(Entries shown begins)

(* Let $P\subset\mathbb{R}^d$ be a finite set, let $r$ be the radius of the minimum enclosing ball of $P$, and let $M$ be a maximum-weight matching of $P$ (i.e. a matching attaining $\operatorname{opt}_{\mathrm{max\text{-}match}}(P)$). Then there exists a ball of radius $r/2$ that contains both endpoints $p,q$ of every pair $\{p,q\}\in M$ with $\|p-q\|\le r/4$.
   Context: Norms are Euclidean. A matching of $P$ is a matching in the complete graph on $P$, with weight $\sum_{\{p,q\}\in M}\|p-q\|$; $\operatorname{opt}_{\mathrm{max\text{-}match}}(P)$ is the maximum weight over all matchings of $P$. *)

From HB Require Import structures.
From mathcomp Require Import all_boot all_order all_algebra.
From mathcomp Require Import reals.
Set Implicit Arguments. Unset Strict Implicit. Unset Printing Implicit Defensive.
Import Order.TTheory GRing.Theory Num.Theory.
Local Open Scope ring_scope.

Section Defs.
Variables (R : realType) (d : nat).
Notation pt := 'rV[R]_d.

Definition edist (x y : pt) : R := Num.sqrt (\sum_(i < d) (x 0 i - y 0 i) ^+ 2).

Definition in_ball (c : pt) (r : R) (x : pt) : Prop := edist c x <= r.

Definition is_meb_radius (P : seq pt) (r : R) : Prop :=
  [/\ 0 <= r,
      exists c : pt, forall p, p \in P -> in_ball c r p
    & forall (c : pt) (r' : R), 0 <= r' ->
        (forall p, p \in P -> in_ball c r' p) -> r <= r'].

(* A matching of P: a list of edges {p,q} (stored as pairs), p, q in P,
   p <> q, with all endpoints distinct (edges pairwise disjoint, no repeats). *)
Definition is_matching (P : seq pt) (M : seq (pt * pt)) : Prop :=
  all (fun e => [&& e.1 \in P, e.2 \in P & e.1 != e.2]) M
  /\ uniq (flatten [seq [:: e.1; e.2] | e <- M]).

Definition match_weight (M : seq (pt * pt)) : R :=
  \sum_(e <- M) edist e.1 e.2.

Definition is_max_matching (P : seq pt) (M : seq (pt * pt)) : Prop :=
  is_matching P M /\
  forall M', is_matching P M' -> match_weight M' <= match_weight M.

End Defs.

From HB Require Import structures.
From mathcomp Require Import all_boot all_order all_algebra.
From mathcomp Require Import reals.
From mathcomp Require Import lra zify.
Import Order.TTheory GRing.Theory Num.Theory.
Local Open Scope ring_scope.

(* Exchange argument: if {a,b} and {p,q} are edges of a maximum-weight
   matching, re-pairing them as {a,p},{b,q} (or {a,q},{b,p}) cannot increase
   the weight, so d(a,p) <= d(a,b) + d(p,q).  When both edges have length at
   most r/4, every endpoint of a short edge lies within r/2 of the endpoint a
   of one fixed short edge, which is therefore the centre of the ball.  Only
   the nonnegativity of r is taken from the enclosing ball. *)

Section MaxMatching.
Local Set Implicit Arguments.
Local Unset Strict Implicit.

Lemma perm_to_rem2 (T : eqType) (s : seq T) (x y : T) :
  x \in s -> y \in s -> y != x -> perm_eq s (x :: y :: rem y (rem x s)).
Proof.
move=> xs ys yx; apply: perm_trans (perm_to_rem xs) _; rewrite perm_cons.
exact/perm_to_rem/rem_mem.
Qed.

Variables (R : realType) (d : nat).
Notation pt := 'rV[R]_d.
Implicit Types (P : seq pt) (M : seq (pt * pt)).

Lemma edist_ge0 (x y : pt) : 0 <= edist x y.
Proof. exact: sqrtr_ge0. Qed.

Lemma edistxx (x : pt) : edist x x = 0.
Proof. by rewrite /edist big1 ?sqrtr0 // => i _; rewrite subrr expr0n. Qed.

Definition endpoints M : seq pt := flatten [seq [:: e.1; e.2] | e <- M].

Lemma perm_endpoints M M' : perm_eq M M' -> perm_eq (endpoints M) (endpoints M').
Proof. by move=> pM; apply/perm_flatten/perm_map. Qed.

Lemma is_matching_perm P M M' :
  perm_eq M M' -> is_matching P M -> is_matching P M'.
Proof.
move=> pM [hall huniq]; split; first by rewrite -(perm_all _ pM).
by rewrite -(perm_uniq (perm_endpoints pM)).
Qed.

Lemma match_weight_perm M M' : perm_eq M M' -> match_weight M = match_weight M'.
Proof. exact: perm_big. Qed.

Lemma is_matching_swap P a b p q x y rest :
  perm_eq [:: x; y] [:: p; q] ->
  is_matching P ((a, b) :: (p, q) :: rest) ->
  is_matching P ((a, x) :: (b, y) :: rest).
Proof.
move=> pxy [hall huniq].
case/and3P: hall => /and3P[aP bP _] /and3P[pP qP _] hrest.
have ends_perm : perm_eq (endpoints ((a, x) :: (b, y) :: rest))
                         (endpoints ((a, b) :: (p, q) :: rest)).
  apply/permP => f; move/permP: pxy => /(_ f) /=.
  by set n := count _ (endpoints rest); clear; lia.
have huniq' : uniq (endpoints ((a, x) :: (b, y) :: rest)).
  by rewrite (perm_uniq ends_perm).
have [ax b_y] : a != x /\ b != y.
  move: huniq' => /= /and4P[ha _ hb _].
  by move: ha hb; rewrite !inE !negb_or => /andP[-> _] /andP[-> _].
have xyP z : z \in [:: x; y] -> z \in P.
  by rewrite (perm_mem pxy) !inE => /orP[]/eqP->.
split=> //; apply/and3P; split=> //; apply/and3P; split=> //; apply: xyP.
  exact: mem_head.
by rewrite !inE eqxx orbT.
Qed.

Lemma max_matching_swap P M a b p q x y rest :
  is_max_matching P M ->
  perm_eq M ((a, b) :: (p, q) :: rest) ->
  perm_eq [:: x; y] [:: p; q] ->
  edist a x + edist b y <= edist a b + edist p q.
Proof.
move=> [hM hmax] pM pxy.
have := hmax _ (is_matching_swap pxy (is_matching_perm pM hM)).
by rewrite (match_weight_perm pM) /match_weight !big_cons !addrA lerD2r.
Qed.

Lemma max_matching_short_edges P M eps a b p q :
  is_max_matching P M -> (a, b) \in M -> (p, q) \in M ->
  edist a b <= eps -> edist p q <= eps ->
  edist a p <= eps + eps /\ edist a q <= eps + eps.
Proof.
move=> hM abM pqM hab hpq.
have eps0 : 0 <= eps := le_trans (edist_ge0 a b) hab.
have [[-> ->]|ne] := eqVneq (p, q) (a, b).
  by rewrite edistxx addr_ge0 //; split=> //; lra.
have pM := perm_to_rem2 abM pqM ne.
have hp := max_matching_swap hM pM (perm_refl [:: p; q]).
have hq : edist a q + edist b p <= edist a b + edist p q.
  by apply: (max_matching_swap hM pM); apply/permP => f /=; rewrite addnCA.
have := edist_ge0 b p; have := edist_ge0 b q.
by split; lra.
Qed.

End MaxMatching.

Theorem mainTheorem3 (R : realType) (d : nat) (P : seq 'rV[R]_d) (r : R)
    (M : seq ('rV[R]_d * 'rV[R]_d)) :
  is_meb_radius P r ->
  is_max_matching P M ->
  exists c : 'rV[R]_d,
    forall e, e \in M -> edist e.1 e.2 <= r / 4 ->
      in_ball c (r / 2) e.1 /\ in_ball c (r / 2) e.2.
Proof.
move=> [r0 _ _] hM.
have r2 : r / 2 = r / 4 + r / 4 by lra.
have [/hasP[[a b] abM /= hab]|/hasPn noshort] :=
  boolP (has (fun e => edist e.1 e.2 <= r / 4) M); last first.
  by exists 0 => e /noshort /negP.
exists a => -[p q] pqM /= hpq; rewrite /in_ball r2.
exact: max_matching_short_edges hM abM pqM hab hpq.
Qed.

(Entries shown ends)
(Entries shown begins)

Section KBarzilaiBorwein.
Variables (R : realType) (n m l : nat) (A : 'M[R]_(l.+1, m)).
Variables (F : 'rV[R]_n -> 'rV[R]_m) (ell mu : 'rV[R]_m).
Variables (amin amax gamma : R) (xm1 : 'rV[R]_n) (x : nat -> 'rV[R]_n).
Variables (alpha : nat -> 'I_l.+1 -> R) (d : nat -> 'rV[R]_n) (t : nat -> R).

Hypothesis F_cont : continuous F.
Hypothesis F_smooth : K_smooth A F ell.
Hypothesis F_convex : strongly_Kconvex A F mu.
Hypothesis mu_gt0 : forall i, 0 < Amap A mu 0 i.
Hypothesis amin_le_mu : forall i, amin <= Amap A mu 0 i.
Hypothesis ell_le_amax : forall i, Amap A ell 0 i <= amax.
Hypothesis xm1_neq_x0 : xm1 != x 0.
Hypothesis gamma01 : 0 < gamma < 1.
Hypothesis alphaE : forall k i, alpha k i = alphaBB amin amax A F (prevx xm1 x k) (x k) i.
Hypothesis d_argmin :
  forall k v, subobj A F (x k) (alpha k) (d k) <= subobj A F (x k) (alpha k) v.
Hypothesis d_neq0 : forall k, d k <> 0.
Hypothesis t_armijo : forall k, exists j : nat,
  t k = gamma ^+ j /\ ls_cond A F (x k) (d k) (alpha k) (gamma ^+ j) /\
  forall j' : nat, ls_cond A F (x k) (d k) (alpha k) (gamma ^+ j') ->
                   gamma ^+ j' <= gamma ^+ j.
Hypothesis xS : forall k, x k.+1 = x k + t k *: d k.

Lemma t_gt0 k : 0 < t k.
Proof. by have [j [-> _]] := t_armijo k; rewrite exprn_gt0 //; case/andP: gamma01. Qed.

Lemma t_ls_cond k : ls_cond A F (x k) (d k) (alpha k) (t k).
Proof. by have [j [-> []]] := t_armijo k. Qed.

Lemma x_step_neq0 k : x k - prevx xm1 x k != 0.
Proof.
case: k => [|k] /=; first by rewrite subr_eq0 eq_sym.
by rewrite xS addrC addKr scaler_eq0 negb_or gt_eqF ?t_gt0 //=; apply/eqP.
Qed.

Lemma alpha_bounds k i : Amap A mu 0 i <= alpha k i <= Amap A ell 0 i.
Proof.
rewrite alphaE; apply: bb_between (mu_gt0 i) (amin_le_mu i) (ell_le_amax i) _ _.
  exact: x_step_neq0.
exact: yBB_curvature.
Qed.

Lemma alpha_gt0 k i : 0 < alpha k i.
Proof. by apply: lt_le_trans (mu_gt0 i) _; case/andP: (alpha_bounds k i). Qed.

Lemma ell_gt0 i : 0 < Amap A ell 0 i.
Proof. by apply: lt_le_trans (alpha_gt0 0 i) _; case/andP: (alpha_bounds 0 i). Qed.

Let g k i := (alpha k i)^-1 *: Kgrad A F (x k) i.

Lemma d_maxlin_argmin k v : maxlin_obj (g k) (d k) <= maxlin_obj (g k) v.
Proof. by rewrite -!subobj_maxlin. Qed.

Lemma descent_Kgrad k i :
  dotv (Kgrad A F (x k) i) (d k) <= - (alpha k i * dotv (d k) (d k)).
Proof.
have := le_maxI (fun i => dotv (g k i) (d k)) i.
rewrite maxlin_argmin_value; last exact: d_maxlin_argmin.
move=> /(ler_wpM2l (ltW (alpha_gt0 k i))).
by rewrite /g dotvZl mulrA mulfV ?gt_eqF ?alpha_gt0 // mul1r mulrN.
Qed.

(Entries shown ends)

» Problem description: Above are the records; repeat exactly the lines from the one holding "Lemma is_matching_swap P" down to the one holding "apply/permP => f;", end lines included.

» Solved problem:
Lemma is_matching_swap P a b p q x y rest :
  perm_eq [:: x; y] [:: p; q] ->
  is_matching P ((a, b) :: (p, q) :: rest) ->
  is_matching P ((a, x) :: (b, y) :: rest).
Proof.
move=> pxy [hall huniq].
case/and3P: hall => /and3P[aP bP _] /and3P[pP qP _] hrest.
have ends_perm : perm_eq (endpoints ((a, x) :: (b, y) :: rest))
                         (endpoints ((a, b) :: (p, q) :: rest)).
  apply/permP => f; move/permP: pxy => /(_ f) /=.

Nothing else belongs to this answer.